Pour éviter les troubles cardiovasculaires – palpitations, tachycardie, syncopes – provoqués par les neuroleptiques (et/ou leur association) et pouvant être responsables de morts subites, l’Afssaps a rédigé fin 2001, une liste de douze neuroleptiques susceptibles d’entraîner des arrêts cardiaques. Elle déconseille fortement d’associer sur une même ordonnance deux de ces médicaments.
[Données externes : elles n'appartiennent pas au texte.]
Lemma chebyshev_terms_le (R : realType) (n : nat) (p delta K e VA Vs A2 A1 : R) :
  (0 < n)%N -> 0 < p -> 0 < delta -> 0 <= VA -> 0 <= Vs -> 0 <= e ->
  A2 <= K * n%:R -> A1 <= (1 + K) * n%:R / 2 ->
  n%:R * VA / (p * n%:R / 2) ^+ 2 + A2 * Vs / (delta * p * n%:R / 16) ^+ 2 +
    A1 * (2 * e) / (delta * p * n%:R / 16) <=
  (4 * VA / p ^+ 2 + 256 * K * Vs / (delta * p) ^+ 2) / n%:R +
    16 * (1 + K) * e / (delta * p).
Proof.
move=> n_gt0 p_gt0 delta_gt0 VA0 Vs0 e0 A2_le A1_le.
have n_pos : 0 < n%:R :> R by rewrite ltr0n.
set t := delta * p * n%:R / 16.
have t_pos : 0 < t by rewrite /t !divr_gt0 ?mulr_gt0.
have [p0 n0 d0] : [/\ p != 0, n%:R != 0 :> R & delta != 0].
  by split; apply: lt0r_neq0.
have -> : n%:R * VA / (p * n%:R / 2) ^+ 2 = 4 * VA / p ^+ 2 / n%:R.
  by field; rewrite n0 p0.
have term2 : A2 * Vs / t ^+ 2 <= 256 * K * Vs / (delta * p) ^+ 2 / n%:R.
  apply: le_trans (_ : K * n%:R * Vs / t ^+ 2 <= _).
    by rewrite ler_wpM2r ?invr_ge0 ?sqr_ge0 // ler_wpM2r.
  by rewrite le_eqVlt; apply/orP; left; apply/eqP; rewrite /t; field; rewrite n0 p0 d0.
have term3 : A1 * (2 * e) / t <= 16 * (1 + K) * e / (delta * p).
  apply: le_trans (_ : (1 + K) * n%:R / 2 * (2 * e) / t <= _).
    apply: ler_wpM2r; first by rewrite invr_ge0 ltW.
    by apply: ler_wpM2r; rewrite ?mulr_ge0.
  by rewrite le_eqVlt; apply/orP; left; apply/eqP; rewrite /t; field; rewrite n0 p0 d0.
by rewrite mulrDl; lra.
Qed.

Section ratio_event.
Context d (T : measurableType d) (R : realType) (P : probability T R).
Context (mu : probability R R) (n : nat) (W : 'I_n -> T -> R).
Hypotheses (mW : forall i, measurable_fun setT (W i))
  (lawW : forall i B, measurable B -> P (W i @^-1` B) = mu B)
  (W_indep : mutually_independent P W)
  (mu_int : mu.-integrable setT (fun y => y%:E))
  (mu_mean0 : (\int[mu]_y y%:E = 0)%E).
Context (s : R -> R) (rs : seq R) (e : R).
Hypotheses (ms : measurable_fun setT s) (rs_uniq : uniq rs)
  (s_rs : forall y, s y \in rs)
  (s_close : (\int[mu]_y (`|y - s y|)%:E <= e%:E)%E).
Hypothesis n_gt0 : (0 < n)%N.
Let p := fine (mu away_from0).
Hypothesis p_gt0 : 0 < p.

Let measurable_abs_ge (f : T -> R) (t : R) : measurable_fun setT f ->
  measurable [set x | t <= `|f x|].
Proof. by move=> mf; apply: measurable_ler_set => //; exact: measurableT_comp. Qed.

Lemma prob_count_away_from0_dev :
  (P [set x | (p * n%:R / 2 <= `|\sum_(i < n) (\1_away_from0 (W i x) - p)|)%R] <=
   (n%:R * svar mu \1_away_from0 [:: 0; 1] / (p * n%:R / 2) ^+ 2)%:E)%E.
Proof.
have m1A := @measurable_indic _ _ R setT _ (@measurable_away_from0 R).
have u01 : uniq [:: 0; 1 : R] by rewrite /= inE eq_sym oner_eq0.
have -> : [set x | (p * n%:R / 2 <= `|\sum_(i < n) (\1_away_from0 (W i x) - p)|)%R] =
    [set x | (p * n%:R / 2 <= `|\sum_(i < n)
      1 * (\1_away_from0 (W i x) - smean mu \1_away_from0 [:: 0; 1])|)%R].
  by apply: eq_set => x; rewrite smean_indic; under [in RHS]eq_bigr do rewrite mul1r.
apply: le_trans (prob_centered_sum_ge mW lawW W_indep m1A u01
  (@indic_mem01 R away_from0) (fun=> 1) _) _.
  by rewrite divr_gt0 ?mulr_gt0 ?ltr0n.
by under eq_bigr do rewrite expr1n; rewrite sumr_const card_ord.
Qed.

Lemma prob_ratio_gt_le (gv : 'I_n -> R) (bb delta K : R) :
  0 < delta -> bb != 0 -> \sum_(i < n) gv i ^+ 2 <= K * n%:R * bb ^+ 2 ->
  (P [set x | (ratio_gt delta `|\sum_(i < n) W i x * gv i|
                (bb * \sum_(i < n) W i x ^+ 2))%R] <=
   ((4 * svar mu \1_away_from0 [:: 0; 1] / p ^+ 2 +
     256 * K * svar mu s rs / (delta * p) ^+ 2) / n%:R +
    16 * (1 + K) * e / (delta * p))%:E)%E.
Proof.
move=> delta_gt0 bb_neq0 energy.
have mWs i : measurable_fun setT (fun x => s (W i x)) := measurableT_comp ms (mW i).
set m := smean mu s rs; pose a i := gv i / `|bb|; set t := delta * p * n%:R / 16.
have t_pos : 0 < t by rewrite /t !divr_gt0 ?mulr_gt0 ?ltr0n.
set E := [set x | ratio_gt _ _ _].
pose F1 := [set x | (p * n%:R / 2 <= `|\sum_(i < n) (\1_away_from0 (W i x) - p)|)%R].
pose F2 := [set x | (t <= `|\sum_(i < n) a i * (s (W i x) - m)|)%R].
pose F3 := [set x | (t <= `|\sum_(i < n) a i * (W i x - s (W i x) + m)|)%R].
have mE : measurable E.
  apply: measurable_ratio_gt.
    apply: measurableT_comp => //; apply: measurable_sum => i.
    exact: measurable_funM.
  apply: measurable_funM => //; apply: measurable_sum => i.
  exact: measurable_funX.
have mF1 : measurable F1.
  have m1A := @measurable_indic _ _ R setT _ (@measurable_away_from0 R).
  apply: measurable_abs_ge; apply: measurable_sum => i.
  by apply: measurable_funB => //; exact: measurableT_comp.
have mF2 : measurable F2.
  apply: measurable_abs_ge; apply: measurable_sum => i.
  by apply: measurable_funM => //; exact: measurable_funB.
have mF3 : measurable F3.
  apply: measurable_abs_ge; apply: measurable_sum => i; apply: measurable_funM => //.
  by apply: measurable_funD => //; exact: measurable_funB.
have PE : (P E <= P F1 + P F2 + P F3)%E.
  have E_sub : E `<=` F1 `|` F2 `|` F3.
    by move=> x /(ratio_gt_cases s m p_gt0 delta_gt0 bb_neq0) [?|?|?];
      [left; left | left; right | right].
  apply: le_trans (le_measure P (mem_set mE) _ E_sub) _.
    by rewrite inE; apply: measurableU => //; exact: measurableU.
  apply: le_trans (measureU2 P (measurableU _ _ mF1 mF2) mF3) _.
  by rewrite leeD2r // measureU2.
have F1_le := prob_count_away_from0_dev.
have F2_le : (P F2 <= ((\sum_(i < n) a i ^+ 2) * svar mu s rs / t ^+ 2)%:E)%E.
  exact: prob_centered_sum_ge.
have F3_le : (P F3 <= ((\sum_(i < n) `|a i|) * (2 * e) / t)%:E)%E.
  apply: (prob_weighted_sum_ge mW lawW (h := fun y => y - s y + m)) => //.
    by apply: measurable_funD => //; exact: measurable_funB.
  exact: integral_residual_le.
have sum_a2 : \sum_(i < n) a i ^+ 2 <= K * n%:R.
  have bb2 : 0 < bb ^+ 2 by rewrite -real_normK ?num_real // exprn_gt0 ?normr_gt0.
  under eq_bigr do rewrite expr_div_n real_normK ?num_real //.
  by rewrite -mulr_suml ler_pdivrMr.
apply: (le_trans PE); apply: le_trans (leeD (leeD F1_le F2_le) F3_le) _.
rewrite -!EFinD lee_fin; apply: chebyshev_terms_le => //; try exact: svar_ge0.
- by rewrite -lee_fin (le_trans _ s_close) // integral_ge0.
- by apply: le_trans (sum_abs_le_sum_sqr a) _; lra.
Qed.
End ratio_event.

Lemma cvge0_nonneg (R : realType) (u : nat -> \bar R) :
  (forall n, 0 <= u n)%E ->
  (forall tau : R, 0 < tau -> exists N, forall n, (N <= n)%N -> (u n <= tau%:E)%E) ->
  u @ \oo --> 0%E.
Proof.
move=> u_ge0 u_small.
have u_fin n (c : R) : (u n <= c%:E)%E -> u n \is a fin_num.
  by move=> un_le; rewrite ge0_fin_numE // (le_lt_trans un_le) ?ltry.
apply/fine_cvgP; split.
  by have [N uN] := u_small 1 ltr01; exists N => // n /uN /u_fin.
apply/cvgrPdist_le => tau tau_gt0; have [N uN] := u_small tau tau_gt0.
exists N => // n /= /uN un_le.
by rewrite sub0r normrN ger0_norm ?fine_ge0 // -lee_fin fineK // (u_fin _ _ un_le).
Qed.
Des alternatives naturelles et de bon sens !
Plutôt que de prendre un tranquillisant, il existe d’autres solutions non médicamenteuses. “Une relation amicale, tout comme l’activité physique, favorise la sécrétion de neuromédiateurs euphorisants“,constate Boris Cyrulnik. C’est ainsi, qu’une vie sociale chaleureuse, une activité sportive régulière, une alimentation équilibrée, riche en vitamine D pourront aussi jouer un rôle fortement stabilisant, évitant les humeurs dépressives qui vont peu à peu dériver en dépression.